Капитан невесело улыбается.
– Не пройдут твои танки через разлив, утонут. Или сначала их унесет потоком, утонут потом.
Алексей понимает, что друг не шутит, и задумался, прикидывая варианты.
–Как думаешь, это, – он кивнул в сторону окошка, – надолго?
Грек пожимает плечами.
– Несколько дней, может быть, неделя. Но высокая вода будет дольше – выше в горах снег тает медленно.

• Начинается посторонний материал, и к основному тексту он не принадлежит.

(* Let $N\ge 5$ and let $\mu_1,\dots,\mu_N$ be distinct real numbers. For $z\in\mathbb{C}\setminus\mathbb{R}$ define the vectors in $\mathbb{R}^N$ $$Y_1(z) := \left(\Re \frac{1}{\mu_j - z}\right)_{j=1}^N,\quad Y_2(z) := \left(\Re \frac{1}{(\mu_j - z)^2}\right)_{j=1}^N,\quad Y_3(z) := \left(\Im \frac{1}{(\mu_j - z)^2}\right)_{j=1}^N.$$ Then for every $z\in\mathbb{C}\setminus\mathbb{R}$, $Y_1(z)$ does not belong to the $\mathbb{R}$-linear span of $Y_2(z)$ and $Y_3(z)$. *)

From Stdlib Require Import Reals.
From Coquelicot Require Import Coquelicot.
Open Scope R_scope.

(* Coordinates j (0 <= j < N) of the vectors Y1(z), Y2(z), Y3(z) in R^N,
   for a family mu : nat -> R of reals (only indices j < N matter). *)
Definition Y1 (mu : nat -> R) (z : C) (j : nat) : R :=
  Re (Cinv (Cminus (RtoC (mu j)) z)).
Definition Y2 (mu : nat -> R) (z : C) (j : nat) : R :=
  Re (Cinv (Cmult (Cminus (RtoC (mu j)) z) (Cminus (RtoC (mu j)) z))).
Definition Y3 (mu : nat -> R) (z : C) (j : nat) : R :=
  Im (Cinv (Cmult (Cminus (RtoC (mu j)) z) (Cminus (RtoC (mu j)) z))).

Definition in_span2 (N : nat) (v u w : nat -> R) : Prop :=
  exists a b : R, forall j : nat, (j < N)%nat -> v j = a * u j + b * w j.

(* Write t = mu_j - Re z, s = Im z and D = t^2 + s^2 > 0. Clearing the denominators D and D^2
   turns the j-th coordinate of Y1 = a Y2 + b Y3 into
     t^3 - a t^2 + (s^2 - 2 b s) t + a s^2 = 0,
   a monic cubic in t whose coefficients do not depend on j. The distinct mu_j give distinct
   roots t, but a monic cubic has at most three roots (so four of the mu_j already suffice). *)

From Stdlib Require Import Reals Lra Psatz.
From Coquelicot Require Import Coquelicot.
Open Scope R_scope.

Definition cubic (p q r t : R) : R := t ^ 3 + p * t ^ 2 + q * t + r.

Lemma cubic_sub (p q r t u : R) :
  cubic p q r t - cubic p q r u = (t - u) * (t ^ 2 + t * u + u ^ 2 + p * (t + u) + q).
Proof. unfold cubic; ring. Qed.

Lemma cubic_root_sum (p q r t1 t2 t3 : R) :
  t1 <> t2 -> t1 <> t3 -> t2 <> t3 ->
  cubic p q r t1 = 0 -> cubic p q r t2 = 0 -> cubic p q r t3 = 0 ->
  t1 + t2 + t3 = - p.
Proof.
  intros d12 d13 d23 h1 h2 h3.
  assert (q12 : t1 ^ 2 + t1 * t2 + t2 ^ 2 + p * (t1 + t2) + q = 0).
  { apply (Rmult_eq_reg_l (t1 - t2)); [|lra].
    rewrite Rmult_0_r, <- (cubic_sub p q r); lra. }
  assert (q13 : t1 ^ 2 + t1 * t3 + t3 ^ 2 + p * (t1 + t3) + q = 0).
  { apply (Rmult_eq_reg_l (t1 - t3)); [|lra].
    rewrite Rmult_0_r, <- (cubic_sub p q r); lra. }
  assert (h : (t2 - t3) * (t1 + t2 + t3 + p) = 0).
  { transitivity ((t1 ^ 2 + t1 * t2 + t2 ^ 2 + p * (t1 + t2) + q)
                  - (t1 ^ 2 + t1 * t3 + t3 ^ 2 + p * (t1 + t3) + q)); [ring | lra]. }
  apply Rmult_integral in h; lra.
Qed.

Lemma cubic_no_four_roots (p q r t1 t2 t3 t4 : R) :
  t1 <> t2 -> t1 <> t3 -> t1 <> t4 -> t2 <> t3 -> t2 <> t4 -> t3 <> t4 ->
  cubic p q r t1 = 0 -> cubic p q r t2 = 0 ->
  cubic p q r t3 = 0 -> cubic p q r t4 = 0 -> False.
Proof.
  intros d12 d13 d14 d23 d24 d34 h1 h2 h3 h4.
  pose proof (cubic_root_sum p q r t1 t2 t3 d12 d13 d23 h1 h2 h3).
  pose proof (cubic_root_sum p q r t1 t2 t4 d12 d14 d24 h1 h2 h4).
  lra.
Qed.

Lemma Re_Cinv (w : C) : Re (/ w) = Re w / (Re w ^ 2 + Im w ^ 2).
Proof. reflexivity. Qed.

Lemma Im_Cinv (w : C) : Im (/ w) = - Im w / (Re w ^ 2 + Im w ^ 2).
Proof. reflexivity. Qed.

Lemma sqr_norm_Cmult_self (w : C) :
  Re (w * w) ^ 2 + Im (w * w) ^ 2 = (Re w ^ 2 + Im w ^ 2) ^ 2.
Proof. destruct w as [u v]; simpl; ring. Qed.

Lemma Re_Cinv_sqr (w : C) : Re w ^ 2 + Im w ^ 2 <> 0 ->
  Re (/ (w * w)) = (Re w ^ 2 - Im w ^ 2) / (Re w ^ 2 + Im w ^ 2) ^ 2.
Proof.
  intros hw; rewrite Re_Cinv, sqr_norm_Cmult_self.
  destruct w as [u v]; cbn [Re Im fst snd Cmult] in *; field; exact hw.
Qed.

Lemma Im_Cinv_sqr (w : C) : Re w ^ 2 + Im w ^ 2 <> 0 ->
  Im (/ (w * w)) = - (2 * Re w * Im w) / (Re w ^ 2 + Im w ^ 2) ^ 2.
Proof.
  intros hw; rewrite Im_Cinv, sqr_norm_Cmult_self.
  destruct w as [u v]; cbn [Re Im fst snd Cmult] in *; field; exact hw.
Qed.

Lemma Re_RtoC_sub (m : R) (z : C) : Re (RtoC m - z) = m - Re z.
Proof. destruct z; simpl; ring. Qed.

Lemma Im_RtoC_sub (m : R) (z : C) : Im (RtoC m - z) = - Im z.
Proof. destruct z; simpl; ring. Qed.

Lemma Rdiv_eq_clear (t d a b x y : R) : d <> 0 ->
  t / d = a * (x / d ^ 2) + b * (y / d ^ 2) -> t * d = a * x + b * y.
Proof.
  intros hd h.
  replace (t * d) with (d ^ 2 * (t / d)) by (field; exact hd).
  rewrite h; field; exact hd.
Qed.

Lemma Y_relation_cubic (mu : nat -> R) (z : C) (a b : R) (j : nat) : Im z <> 0 ->
  Y1 mu z j = a * Y2 mu z j + b * Y3 mu z j ->
  cubic (- a) (Im z ^ 2 - 2 * b * Im z) (a * Im z ^ 2) (mu j - Re z) = 0.
Proof.
  intros hz h; unfold Y1, Y2, Y3 in h.
  assert (hw : Re (RtoC (mu j) - z) ^ 2 + Im (RtoC (mu j) - z) ^ 2 <> 0).
  { rewrite Im_RtoC_sub. pose proof (pow2_ge_0 (Re (RtoC (mu j) - z))).
    pose proof (pow2_gt_0 _ hz). nra. }
  rewrite Re_Cinv, Re_Cinv_sqr, Im_Cinv_sqr in h by exact hw.
  apply Rdiv_eq_clear in h; [|exact hw].
  rewrite Re_RtoC_sub, Im_RtoC_sub in h.
  unfold cubic; nra.
Qed.

Theorem lemma1p4 (N : nat) (mu : nat -> R)
  (HN : (5 <= N)%nat)
  (Hdist : forall i j : nat, (i < N)%nat -> (j < N)%nat -> i <> j -> mu i <> mu j)
  (z : C) (Hz : Im z <> 0) :
  ~ in_span2 N (Y1 mu z) (Y2 mu z) (Y3 mu z).
Proof.
  intros [a [b h]].
  set (t j := mu j - Re z).
  assert (root : forall j, (j < N)%nat ->
    cubic (- a) (Im z ^ 2 - 2 * b * Im z) (a * Im z ^ 2) (t j) = 0).
  { intros j hj; exact (Y_relation_cubic mu z a b j Hz (h j hj)). }
  assert (t_inj : forall i j, (i < N)%nat -> (j < N)%nat -> i <> j -> t i <> t j).
  { intros i j hi hj hij; unfold t; pose proof (Hdist i j hi hj hij); lra. }
  apply (cubic_no_four_roots (- a) (Im z ^ 2 - 2 * b * Im z) (a * Im z ^ 2)
           (t 0%nat) (t 1%nat) (t 2%nat) (t 3%nat));
    (apply t_inj || apply root); lia.
Qed.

– Продержимся. Ты знамя-то захватил?
– Нет. Не было здесь штаба, только тыловики и артиллеристы. Штаб остался на том берегу, итальянский полковник собирался личным примером вдохновлять подчиненных.
– Это он правильно придумал.
Котовский прикидывает – неделю сидеть на том пайке, что с собой привезли. Эвзоны много на себе не притащили, в деревеньке наверняка лишнего продовольствия нет. В трофеях наверняка найдется еда, так ведь еще итальянцев кормить…
– Пленных сколько у нас?
– Каких пленных? – очень натурально удивляется Карагиозис. – Ты забыл, как они дрались? Горные львы, предпочли смерть позорному плену. Прыгали со скал, когда кончились патроны.
– Да? Что-то замотался я, глупые вопросы задаю.
Алексей расстегивает комбинезон.
– Жарко тут. Ты сразу понял, что мы попались?
Капитан не отвечает, только дергает небритой щекой. Потом вдруг улыбается:
– Но дело мы сделали – теперь итальянцы соберут все силы, чтобы нас прихлопнуть. Такой шанс умереть героями выпадает не каждому.
Уго Кавальеро. «Записки о войне».
Дневник начальника генерального штаба
5 декабря
Получил телеграмму от Муссолини: «Сопротивляйтесь наступлению противника до последней возможности. Я уверен, враг использует свои последние козыри. У него нет военной промышленности, он может рассчитывать лишь на помощь Англии и СССР. Надо, однако, учитывать и худшую возможность, т. е. необходимость обеспечить оборону Северной Албании и укрепленного района у Валоны. Эта оборона может быть организована по рубежу Рпони, Либражди и по реке Шкумбини до моря. Оборона Валоны может осуществляться вдоль реки Вьоса от ее устья до Дорбы. Важно немедленно приступить к строительству оборонительных сооружений в указанных районах».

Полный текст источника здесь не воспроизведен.